[Saved data entries]
(* Let $n\ge 2$ be an integer and $A\subseteq L_n$. (i) If $B\subseteq L_n\setminus A$ has cardinality continuum, then $B$ is not $z$-embedded in $(X_n,\tau(A))$. (ii) If $B\subseteq L_n\setminus A$ is a closed uncountable subset of $(L_n,\tau_E|_{L_n})$, then $L_n$ is not $z$-embedded in $(X_n,\tau(A))$.
   Context: For $\overline{x},\overline{a}\in\mathbb R^n$ let $|\overline{x}-\overline{a}|$ be the Euclidean distance and $B(\overline{a},\epsilon)=\{\overline{x}\in\mathbb R^n:|\overline{x}-\overline{a}|<\epsilon\}$. Let $P_n=\{\overline{x}\in\mathbb R^n: x_n>0\}$, $L_n=\{\overline{x}\in\mathbb R^n: x_n=0\}$, $X_n=P_n\cup L_n$, and let $\tau_E$ denote the Euclidean topology on $X_n$. For $\overline{a}\in L_n$ and $\epsilon>0$ put $\overline{a(\epsilon)}=(a_1,\dots,a_{n-1},\epsilon)$ and $\tilde B(\overline{a},\epsilon)=\{\overline{a}\}\cup B(\overline{a(\epsilon)},\epsilon)$. For $A\subseteq L_n$, the topology $\tau(A)$ on $X_n$ is generated by the local bases: at $\overline{a}\in P_n$, the sets $B(\overline{a},\epsilon)$ with $0<\epsilon<a_n$; at $\overline{a}\in A$, the sets $B(\overline{a},\epsilon)\cap X_n$ with $\epsilon>0$; at $\overline{a}\in L_n\setminus A$, the sets $\tilde B(\overline{a},\epsilon)$ with $\epsilon>0$. A subset $Y$ of a space $X$ is $z$-embedded in $X$ if every zero set of $Y$ is the trace on $Y$ of some zero set of $X$. *)

From HB Require Import structures.
From mathcomp Require Import all_boot all_order all_algebra.
From mathcomp Require Import all_classical all_reals.
From mathcomp Require Import Rstruct.
From Stdlib Require Import Rdefinitions.
Set Implicit Arguments. Unset Strict Implicit. Unset Printing Implicit Defensive.
Import Order.TTheory GRing.Theory Num.Theory.
Local Open Scope classical_set_scope.
Local Open Scope ring_scope.

(* Points of R^n : coordinate functions on the index set {0,...,n-1}
   (coordinate x_k of the paper is x (k-1)). *)
Definition pt (n : nat) := 'I_n -> R.

Definition edist n (x a : pt n) : R := Num.sqrt (\sum_(i < n) (x i - a i) ^+ 2).

Definition ball_E n (a : pt n) (eps : R) : set (pt n) := [set x | edist x a < eps].

(* last coordinate x_n (0 in the degenerate case n = 0) *)
Definition lastc (n : nat) : pt n -> R :=
  match n return pt n -> R with
  | 0 => fun _ => 0
  | m.+1 => fun x => x ord_max
  end.

Definition Pn n : set (pt n) := [set x | 0 < lastc x].
Definition Ln n : set (pt n) := [set x | lastc x = 0].
Arguments Pn : clear implicits.
Arguments Ln : clear implicits.
Definition Xn n : set (pt n) := Pn n `|` Ln n.
Arguments Pn : clear implicits.
Arguments Ln : clear implicits.
Arguments Xn : clear implicits.

Definition lift_pt n (a : pt n) (eps : R) : pt n :=
  fun i => if val i == n.-1 then eps else a i.

Definition tball n (a : pt n) (eps : R) : set (pt n) :=
  [set a] `|` ball_E (lift_pt a eps) eps.

(* The local base of tau(A) at a point a of X_n: V is a basic neighbourhood of a. *)
Definition basic_nbhd n (A : set (pt n)) (a : pt n) (V : set (pt n)) : Prop :=
  [/\ Pn n a -> exists2 eps, 0 < eps /\ eps < lastc a & V = ball_E a eps,
      A a -> exists2 eps, 0 < eps & V = ball_E a eps `&` Xn n &
      (Ln n a /\ ~ A a) -> exists2 eps, 0 < eps & V = tball a eps].

(* f restricted to the subspace Y of (X_n, tau(A)) is continuous
   (continuity expressed through the local bases generating tau(A)). *)
Definition cont_on n (A : set (pt n)) (Y : set (pt n)) (f : pt n -> R) : Prop :=
  forall y, Y y -> forall e : R, 0 < e ->
    exists V, basic_nbhd A y V /\
      (forall z, V z -> Y z -> `|f z - f y| < e).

**What to produce**:
Would you please copy all lines in the data that contain the word "forall"?

**Expected answer**:
  forall y, Y y -> forall e : R, 0 < e ->
      (forall z, V z -> Y z -> `|f z - f y| < e).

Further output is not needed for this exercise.